The right of return for the Palestinian villages of Ikrit and Biram


Remnants of the Palestinian village of Biram

Zehava Galon writes in Haaretz on 13 June 2022:

Let me make it clear from the start: In this article there will be no reference to the coalition quarrels and the question of who was insulted by whom, why and when in the affair of Ikrit and Biram.

I want to exploit the opportunity, after MK Ghaida Rinawie Zoabi put the story of the never-ending injustice to the people of Ikrit and Biram back on the agenda, to discuss what has been repressed; I want to discuss the cynical, despicable behavior of the extreme right, from opposition leader Benjamin Netanyahu to Religious Zionism MK Bezalel Smotrich, who were alarmed when they heard the request to return the uprooted population and claimed that this was an implementation of “the right of return.”

In 2000, I brought up for a vote in the Knesset a draft bill to return residents to Ikrit and Biram, two Christian villages near the Lebanese border. The villages were captured by the Israel Defense Forces without a battle at the end of 1948; a week later their residents were told to evacuate for two weeks, “until there are no security grounds” preventing their return, according to the IDF.

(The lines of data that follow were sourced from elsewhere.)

(* Random coding with expurgation on the binary cube.  The codewords are sign
   vectors [sqrt P * (+-1)^n], all on the sphere of radius [sqrt (n P)].  For [L]
   of them the average squared radius is [n P - P / L^2 * Q], where
   [Q = sum_j (sum_i s_ij)^2], so a list is bad exactly when [Q >= n L u] with
   [u = L (P - N) / P].  A Chernoff bound, comparing a sum of [L] random signs
   with a Gaussian, shows that at most [2^(n L) exp (-n (u - 1 - ln u) / 2)]
   [L]-tuples of words are bad.  Keeping each word with probability [p] and
   deleting one word from every surviving bad tuple leaves at least
   [2^n p - #bad * p^L] words; with [2^n p = exp (n r)] and [r] just below
   [(u - 1 - ln u) / (2 (L - 1))] this is at least [exp (n r) / 2]. *)

From HB Require Import structures.
From mathcomp Require Import all_boot all_order all_algebra.
From mathcomp Require Import all_classical all_reals.
From mathcomp Require Import ereal sequences exp.
From mathcomp Require Import normedtype.
From mathcomp Require Import zify ring lra.
Import Order.TTheory GRing.Theory Num.Theory.
Import numFieldNormedType.Exports.
Local Open Scope ring_scope.

Lemma leq_expn2_fact_double k : (2 ^ k * k`! <= (k.*2)`!)%N.
Proof.
elim: k => [//|k IH]; rewrite doubleS !factS expnS -!muln2 in IH *.
nia.
Qed.

Section SignSums.
Variable R : realType.

Lemma big_double_odd0 (g : nat -> R) m : (forall k, g k.*2.+1 = 0) ->
  \sum_(0 <= i < m.*2) g i = \sum_(0 <= k < m) g k.*2.
Proof.
move=> g_odd; elim: m => [|m IH]; first by rewrite !big_geq.
by rewrite doubleS !big_nat_recr //= IH g_odd addr0.
Qed.

(* Termwise comparison of the exponential series: the even coefficients
   satisfy [1/(2k)! <= 1/(2^k k!)] and the odd ones cancel. *)
Lemma expR_add_expRN_le (y : R) : expR y + expR (- y) <= 2 * expR (y ^+ 2 / 2).
Proof.
rewrite /expR -limD; [|exact: is_cvg_series_exp_coeff|exact: is_cvg_series_exp_coeff].
rewrite (_ : 2 * _ = limn ((2 : R) *: series (exp_coeff (y ^+ 2 / 2)))); last first.
  by rewrite limZl_tmp //; exact: is_cvg_series_exp_coeff.
apply: ler_lim.
- by apply: is_cvgD; exact: is_cvg_series_exp_coeff.
- by apply: is_cvgZl_tmp; exact: is_cvg_series_exp_coeff.
near=> m; rewrite !fctE /series /= -big_split /=.
set g := fun i => exp_coeff y i + exp_coeff (- y) i.
have g_odd k : g k.*2.+1 = 0.
  by rewrite /g /exp_coeff /= -mul2n !exprS !exprM sqrrN !mulNr addrN.
have g_even k : g k.*2 = 2 * ((y ^+ 2) ^+ k / (k.*2)`!%:R).
  rewrite /g /exp_coeff /= -mul2n !exprM sqrrN; lra.
have g_ge0 i : 0 <= g i.
  have := odd_double_half i; case: (odd i) => /= <-; first by rewrite add1n g_odd.
  by rewrite add0n g_even mulr_ge0 // divr_ge0 // exprn_ge0 // sqr_ge0.
apply: (@le_trans _ _ (\sum_(0 <= i < m.*2) g i)).
  rewrite [X in _ <= X](big_cat_nat (n := m)) //=; last by rewrite -addnn leq_addr.
  by rewrite lerDl sumr_ge0.
rewrite big_double_odd0 // scaler_sumr; apply: ler_sum => k _.
rewrite g_even /exp_coeff /= expr_div_n /GRing.scale /= -mulrA.
apply: ler_wpM2l => //; apply: ler_wpM2l; first by rewrite exprn_ge0 // sqr_ge0.
rewrite -invfM -natrX -natrM.
rewrite lef_pV2 ?posrE ?ltr0n ?muln_gt0 ?expn_gt0 ?fact_gt0 //.
by rewrite ler_nat leq_expn2_fact_double.
Unshelve. all: by end_near.
Qed.

Definition bsign (b : bool) : R := if b then 1 else -1.

Lemma bsign_sqr b : bsign b ^+ 2 = 1.
Proof. by case: b; rewrite /bsign ?sqrrN expr1n. Qed.

(* The right-hand side is [E exp(mu (a + G)^2)] for a standard Gaussian [G],
   which dominates a uniform sign. *)
Lemma expR_sqr_sign_step (mu a : R) : 0 <= mu -> 2 * mu < 1 ->
  expR (mu * (a + 1) ^+ 2) + expR (mu * (a - 1) ^+ 2) <=
  2 * expR (- ln (1 - 2 * mu) / 2 + mu * a ^+ 2 / (1 - 2 * mu)).
Proof.
move=> mu_ge0 mu_lt.
have -> : mu * (a + 1) ^+ 2 = mu * (a ^+ 2 + 1) + 2 * mu * a by ring.
have -> : mu * (a - 1) ^+ 2 = mu * (a ^+ 2 + 1) + - (2 * mu * a) by ring.
rewrite !expRD -mulrDr.
apply: (le_trans (ler_wpM2l (expR_ge0 _) (expR_add_expRN_le _))).
rewrite mulrCA -expRD ler_pM2l // -expRD ler_expR.
have d_gt0 : 0 < 1 - 2 * mu by lra.
have ln_le : ln (1 - 2 * mu) <= - (2 * mu) by apply: le_ln1Dx; lra.
have geom : mu * a ^+ 2 * (1 + 2 * mu) <= mu * a ^+ 2 / (1 - 2 * mu).
  rewrite ler_pdivlMr //.
  have : 0 <= mu * a ^+ 2 * (4 * mu ^+ 2).
    by apply: mulr_ge0; [rewrite mulr_ge0 ?sqr_ge0 | nra].
  nra.
have -> : (2 * mu * a) ^+ 2 / 2 = 2 * mu ^+ 2 * a ^+ 2 by field.
nra.
Qed.

Definition ffun_cons {T : Type} {L : nat} (b : T) (g : {ffun 'I_L -> T}) :
  {ffun 'I_L.+1 -> T} := [ffun i => if unlift ord0 i is Some j then g j else b].

Lemma big_ffun_recl (T : finType) (L : nat) (F : {ffun 'I_L.+1 -> T} -> R) :
  \sum_(f : {ffun 'I_L.+1 -> T}) F f =
  \sum_(b : T) \sum_(g : {ffun 'I_L -> T}) F (ffun_cons b g).
Proof.
rewrite pair_big /= (reindex (fun p : T * _ => ffun_cons p.1 p.2)) //=.
exists (fun f : {ffun 'I_L.+1 -> T} => (f ord0, [ffun j => f (lift ord0 j)])).
  move=> [b g] _ /=; rewrite /ffun_cons ffunE unlift_none; congr pair.
  by apply/ffunP => j; rewrite !ffunE liftK.
move=> f _; apply/ffunP => i; rewrite /ffun_cons !ffunE.
by case: (unliftP ord0 i) => [j ->|->]; rewrite ?ffunE.
Qed.

Lemma sum_bsign_cons L b (g : {ffun 'I_L -> bool}) :
  \sum_(i < L.+1) bsign (ffun_cons b g i) = bsign b + \sum_(i < L) bsign (g i).
Proof.
rewrite big_ord_recl /ffun_cons ffunE unlift_none; congr (_ + _).
by apply: eq_bigr => i _; rewrite ffunE liftK.
Qed.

They have not returned since. In July 1951 the High Court of Justice ruled that the residents – now already Israeli citizens – should be returned to their homes. The government did not obey the order, but the residents – big mistake! – relied on the promise that the order would be carried out. In November 1951 they received temporary restraining orders barring them from the villages due to “a security need.” They petitioned the High Court, but the court preferred to believe the army.

Two years later, the government nationalized the areas of the villages, with a sickening claim that nobody had lived in them for two years. In September 1953 the IDF blew up the houses in Biram, and shortly afterward a nature reserve was established at the site; the rest of the land was transferred to Jewish communities in the region.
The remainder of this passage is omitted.